True. OTOH, ".string" arguments can be either string or numeric expressions (which will get cut down to the least significant octet).

BigEd · Post by **BigEd** » Fri Jul 08, 2011 10:59 am

Hi TT
I tried changing the assume statements, but it changed the output code very significantly.
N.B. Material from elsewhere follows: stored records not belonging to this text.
(* Let $(\curlywedge,\curlyvee)$ be the reference pair of a Morse sequence $W$ on a finite simplicial complex $K$, and let $\widehat{W}$ denote the set of simplices that are critical for $W$. If $\kappa \in \widehat{W}$ and $\nu \in K$, then: (1) $\kappa \in \curlywedge(\nu)$ if and only if there exists a $\curlywedge$-path from $\nu$ to $\kappa$; (2) $\kappa \in \curlyvee(\nu)$ if and only if there exists a $\curlyvee$-path from $\kappa$ to $\nu$.
   Context: $K$ is a finite simplicial complex; chains are taken with $\mathbb{Z}_2$ coefficients, so a $p$-chain is a set of $p$-simplices and sums are symmetric differences. For a $p$-simplex $\sigma$, $\partial(\sigma)$ is the set of its $(p-1)$-faces and $\delta(\sigma)$ is the set of $(p+1)$-simplices of $K$ containing $\sigma$; these extend linearly to chains. A Morse sequence $W=\langle \emptyset=K_0,\ldots,K_k=K\rangle$ is a sequence of simplicial complexes in which each $K_i$ is obtained from $K_{i-1}$ either by an elementary filling (adding one simplex $\nu$ that is a facet of $K_i$; then $\nu$ is called critical) or by an elementary expansion (adding $\sigma\subset\tau$ with $\dim\tau=\dim\sigma+1$, where $(\sigma,\tau)$ is a free pair of $K_i$, i.e. $\tau$ is the only face of $K_i$ containing $\sigma$; then $(\sigma,\tau)$ is a regular pair, $\sigma$ is lower regular and $\tau$ is upper regular). $\widehat{W}$ is the set of critical simplices. The reference map $\curlywedge$ and coreference map $\curlyvee$ are the unique maps assigning to each $p$-simplex of $K$ a set (a $\mathbb{Z}_2$-chain) of critical $p$-simplices, extended linearly to chains, such that $\curlywedge(\nu)=\curlyvee(\nu)=\nu$ for every critical $\nu$; for every upper regular $\tau$, $\curlywedge(\tau)=0$ and $\curlywedge(\partial(\tau))=0$; and for every lower regular $\sigma$, $\curlyvee(\sigma)=0$ and $\curlyvee(\delta(\sigma))=0$. The pair $(\curlywedge,\curlyvee)$ is called the reference pair of $W$. A gradient path in $W$ from $\sigma_0$ to $\sigma_k$ is a sequence $\langle\sigma_0,\tau_0,\ldots,\sigma_{k-1},\tau_{k-1},\sigma_k\rangle$ ($k\ge 0$) of $p$-simplices $\sigma_i$ and $(p+1)$-simplices $\tau_i$ such that each $(\sigma_i,\tau_i)$ is a regular pair of $W$ and $\sigma_{i+1}\in\partial(\tau_i)$ with $\sigma_{i+1}\neq\sigma_i$. A cogradient path in $W$ from $\tau_0$ to $\tau_k$ is a sequence $\langle\tau_0,\sigma_1,\tau_1,\ldots,\sigma_k,\tau_k\rangle$ ($k\ge0$) of $p$-simplices $\tau_i$ and $(p-1)$-simplices $\sigma_i$ such that each $(\sigma_i,\tau_i)$ is a regular pair of $W$ and $\tau_{i-1}\in\delta(\sigma_i)$ with $\tau_i\neq\tau_{i-1}$. A $\curlywedge$-path is a gradient path $\langle\sigma_0,\tau_0,\ldots,\tau_{k-1},\sigma_k\rangle$ such that $\sigma_k\in\curlywedge(\sigma_i)$ for every $i\in[0,k]$. A $\curlyvee$-path is a cogradient path $\langle\tau_0,\sigma_1,\tau_1,\ldots,\sigma_k,\tau_k\rangle$ such that $\tau_0\in\curlyvee(\tau_i)$ for every $i\in[0,k]$. *)

From mathcomp Require Import all_boot.
Set Implicit Arguments. Unset Strict Implicit. Unset Printing Implicit Defensive.
Lemma avg_fail_affine (sigma : 'M[C]_(2 * 2)) (U : 'M[C]_2) tf p :
  adj sigma = sigma -> \tr sigma = 1 -> unitary U ->
  avg_fail sigma U tf p = 2^-1 + p * (mismatch (Fdummy sigma U) (Ftrap sigma U) - 2^-1).
Proof.
move=> hsigma tr_sigma uU; rewrite /avg_fail.
under eq_bigr do under eq_bigr do under eq_bigr do rewrite round_fail_mismatch //.
rewrite (mismatch_mean (fun d => memory_fid (~~ tf) p (fid sigma U (ket R d)))
                       (fun k => memory_fid tf p (fid sigma U (ket_plus (theta_of R k))))).
by rewrite -memory_fid_mean2 -memory_fid_mean8 mismatch_memory.
Qed.

End Qubit.

Lemma expRN_ge_tangent (R : realType) (x m : R) : expR (- m) * (1 + m - x) <= expR (- x).
Proof.
have -> : - x = - m + (m - x) by ring.
by rewrite expRD ler_wpM2l ?expR_ge0 // addrA addrK expR_ge1Dx.
Qed.

Section ExpectationBounds.
Context d (T : measurableType d) (R : realType) (P : probability T R).

Lemma Lfun_affine (X : T -> R) (a b : R) :
  X \in Lfun P 1 -> (fun w => a + b * X w) \in Lfun P 1.
Proof.
by move=> X1; rewrite (_ : (fun w => _) = cst a \+ b *: X) // rpredD ?rpredZ ?Lfun_cst.
Qed.

Lemma expectation_affine (X : T -> R) (a b m : R) :
  X \in Lfun P 1 -> 'E_P[X]%E = m%:E -> 'E_P[fun w => (a + b * X w)%R]%E = (a + b * m)%:E.
Proof.
move=> X1 EX; rewrite (_ : (fun w => _) = cst a \+ b \o* X); last first.
  by apply/funext => w /=; rewrite mulrC.
rewrite expectationD ?Lfun_cst ?Lfun_scale // expectationZl // expectation_cst EX.
by rewrite -EFinM -EFinD.
Qed.

Lemma expectation_le_Lfun (X Y : T -> R) :
  X \in Lfun P 1 -> Y \in Lfun P 1 -> (forall w, X w <= Y w) -> ('E_P[X] <= 'E_P[Y])%E.
Proof.
move=> /Lfun1_integrable X1 /Lfun1_integrable Y1 XY; rewrite unlock.
by apply: le_integral => // w _; rewrite lee_fin.
Qed.

Lemma Lfun_expRN (X : T -> R) :
  X \in Lfun P 1 -> (forall w, 0 <= X w) -> (fun w => expR (- X w)) \in Lfun P 1.
Proof.
move=> /andP[/[!inE] mX _] X0; apply/Lfun1_integrable.
apply: (le_integrable _ _ _ (finite_measure_integrable_cst P 1 measurableT)) => //.
  apply/measurable_realfun.measurable_EFinP.
  by apply: measurableT_comp => //; exact: measurableT_comp.
move=> w _ /=; rewrite lee_fin !ger0_norm ?expR_ge0 // expR_le1 oppr_le0.
exact: X0.
Qed.

Lemma expectation_expRN_ge (X : T -> R) (m : R) :
  X \in Lfun P 1 -> (forall w, 0 <= X w) -> 'E_P[X]%E = m%:E ->
  ((expR (- m))%:E <= 'E_P[fun w => expR (- X w)])%E.
Proof.
move=> X1 X0 EX.
(* integrate the tangent line of [fun x => expR (- x)] at [m] *)
have -> : (expR (- m))%:E = 'E_P[fun w => (expR (- m) * (1 + m) + - expR (- m) * X w)%R]%E.
  by rewrite (expectation_affine _ _ X1 EX); congr EFin; ring.
apply: expectation_le_Lfun; [exact: Lfun_affine | exact: Lfun_expRN | move=> w].
rewrite (_ : _ + _ = expR (- m) * (1 + m - X w)); last by ring.
exact: expRN_ge_tangent.
Qed.

Lemma expectation_affine_expRN_le (X : T -> R) (a c m : R) :
  c <= 0 -> X \in Lfun P 1 -> (forall w, 0 <= X w) -> 'E_P[X]%E = m%:E ->
  ('E_P[fun w => (a + c * expR (- X w))%R] <= (a + c * expR (- m))%:E)%E.
Proof.
move=> c_le0 X1 X_ge0 EX.
have Y1 := Lfun_expRN X1 X_ge0.
have /fineK EY := expectation_fin_num Y1.
rewrite (expectation_affine _ _ Y1 (esym EY)) lee_fin lerD2l ler_wnM2l // -lee_fin EY.
exact: expectation_expRN_ge.
Qed.

End ExpectationBounds.

Unset Implicit Arguments. Set Strict Implicit.

Theorem lemma3 (R : realType) (sigma : 'M[R[i]]_(2 * 2)) (U : 'M[R[i]]_2)
    (rate Tc : R) (dΩ : measure_display) (Ω : measurableType dΩ)
    (P : probability Ω R) (dt : Ω -> R) (trap_first : bool) :
  density sigma -> unitary U -> 0 < rate -> 0 < Tc ->
  measurable_fun setT dt -> P.-integrable setT (EFin \o dt) ->
  (forall w, 0 <= dt w) -> ('E_P[dt] = (rate^-1)%:E)%E ->
  let Fd := Fdummy sigma U in
  let Ft := Ftrap sigma U in
  Fd * (1 - Ft) + Ft * (1 - Fd) <= 2^-1 ->
  ('E_P[fun w => avg_fail sigma U trap_first (expR (- dt w / Tc))]
     <= (expR (- (rate * Tc)^-1) * (Fd * (1 - Ft) + Ft * (1 - Fd))
         + 2^-1 * (1 - expR (- (rate * Tc)^-1)))%:E)%E.
Proof.
move=> [hsigma [_ tr_sigma]] uU rate_gt0 Tc_gt0 _ dt1 dt_ge0 Edt Fd Ft mismatch_le.
pose X w := dt w / Tc.
have X1 : X \in Lfun P 1 by apply: Lfun_scale => //; exact/Lfun1_integrable.
have EX : ('E_P[X] = ((rate * Tc)^-1)%:E)%E.
  rewrite (_ : X = Tc^-1 \o* dt) // expectationZl ?Edt; last exact/Lfun1_integrable.
  by rewrite -EFinM invfM mulrC.
have -> : (fun w => avg_fail sigma U trap_first (expR (- dt w / Tc)))
          = (fun w => 2^-1 + (mismatch Fd Ft - 2^-1) * expR (- X w)).
  by apply/funext => w; rewrite avg_fail_affine // mulNr mulrC.
apply: le_trans (expectation_affine_expRN_le _ _ X1 _ EX) _.
- by rewrite subr_le0.
- by move=> w; apply: divr_ge0 (dt_ge0 w) (ltW Tc_gt0).
by rewrite lee_fin -subr_ge0 (_ : _ - _ = 0) // /mismatch; ring.
Qed.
As things stood, your tool and BitWise's are identical apart from the .string behaviour (and the binary constant.)

(This is parenthetical, because I think it's a diversion...) The first divergence is that

Code: Select all

sta $F000

changes from

Code: Select all

^0000:F8A2  00 85               .byte ]opc
^0000:F8A3  F0 00               .ubyte val(]adr$)

to

Code: Select all

^0000:F8A6  00 8D               .byte ]opc+8                                                                        
^0000:F8A7  F0 00 00 00         .uword val(]adr$)

To revisit the string behaviour: a string constant in the source is a series of octets, and we want it assembled into a series of (padded) 16-bit bytes. BitWise places the input octet into the LSB, and HXA presently places the input octet into the MSB.

That is, HXA produces:

Code: Select all

0000:F81F 53 00 65 00 .string "Send 6502 code in"

where I expect to see

Code: Select all

0000:F81F 00 53 00 65 .string "Send 6502 code in"

because when I load from 0000F81F, I expect to load 0053, an 'S'

That is, I don't think there's any word-order problem here, so no need to change the assume statement.

Cheers
Ed

teamtempest · Post by **teamtempest** » Fri Jul 08, 2011 11:00 pm

Okay, two separate issues.

Quote:

I tried changing the assume statements

Good but not enough. The ".cpu" statement changes as well, from

Code: Select all

.cpu T_32_L16

to

Code: Select all

.cpu T_32_M16

Changing from LSB to MSB is what swaps the octet order in string characters, as HXA will put the character octet in the least-significant postition and zero-fill the rest. For an 16-bit "byte" LSB descriptor that becomes "XX 00", and for an MSB that becomes "00 XX".

Tested that again; works as described.

Now for an LSB descriptor HXA by default extracts octets in the order 0->01->012->0123, for 8-, 16-, 24- and 32-bit quantities respectively. For 16-bit values you want the order "10" and for 32-bit quantities the order "1032", which is why the ".assume" is used to specify those. Reversed 32-bit quantities should come out "3210", but they already do by default, so there's no need to change that.

For an MSB descriptor the default extractions are 0->10->210->3210. The 16-bit value is in the the proper order, but the 32-bit values, normal and reversed, are not, so they need to be changed via ".assume".

That should take care of the first issue.

Quote:

(This is parenthetical, because I think it's a diversion...)

Actually it's not. It's a bug of sorts. In the file "i6502.a" there is this:

Code: Select all

        .if cpu$() ~ /L16/    ; 16-bit "byte" (and 65K "zero page") ?
abs_mask    .equ    $FFFF0000
        .else               ; assume 8-bit byte (and 256-byte "zero page")
abs_mask    .equ    $FFFFFF00
        .endif

Look at the listing. "abs_mask" has the value $FFFFFF00, because changing the descriptor from "_L16" to "_M16" causes the match to be false and so "abs_mask" gets the second value, not the first.

Thus the address $0000FF00 becomes non-zero when masked, and is taken as absolute, rather than zero page.

Changing the code to this:

Code: Select all

        .if cpu$() ~ /[LM]16/    ; 16-bit "byte" (and 65K "zero page") ?
abs_mask    .equ    $FFFF0000
        .else               ; assume 8-bit byte (and 256-byte "zero page")
abs_mask    .equ    $FFFFFF00
        .endif

should be one way to make the match succeed and the proper value given to "abs_mask".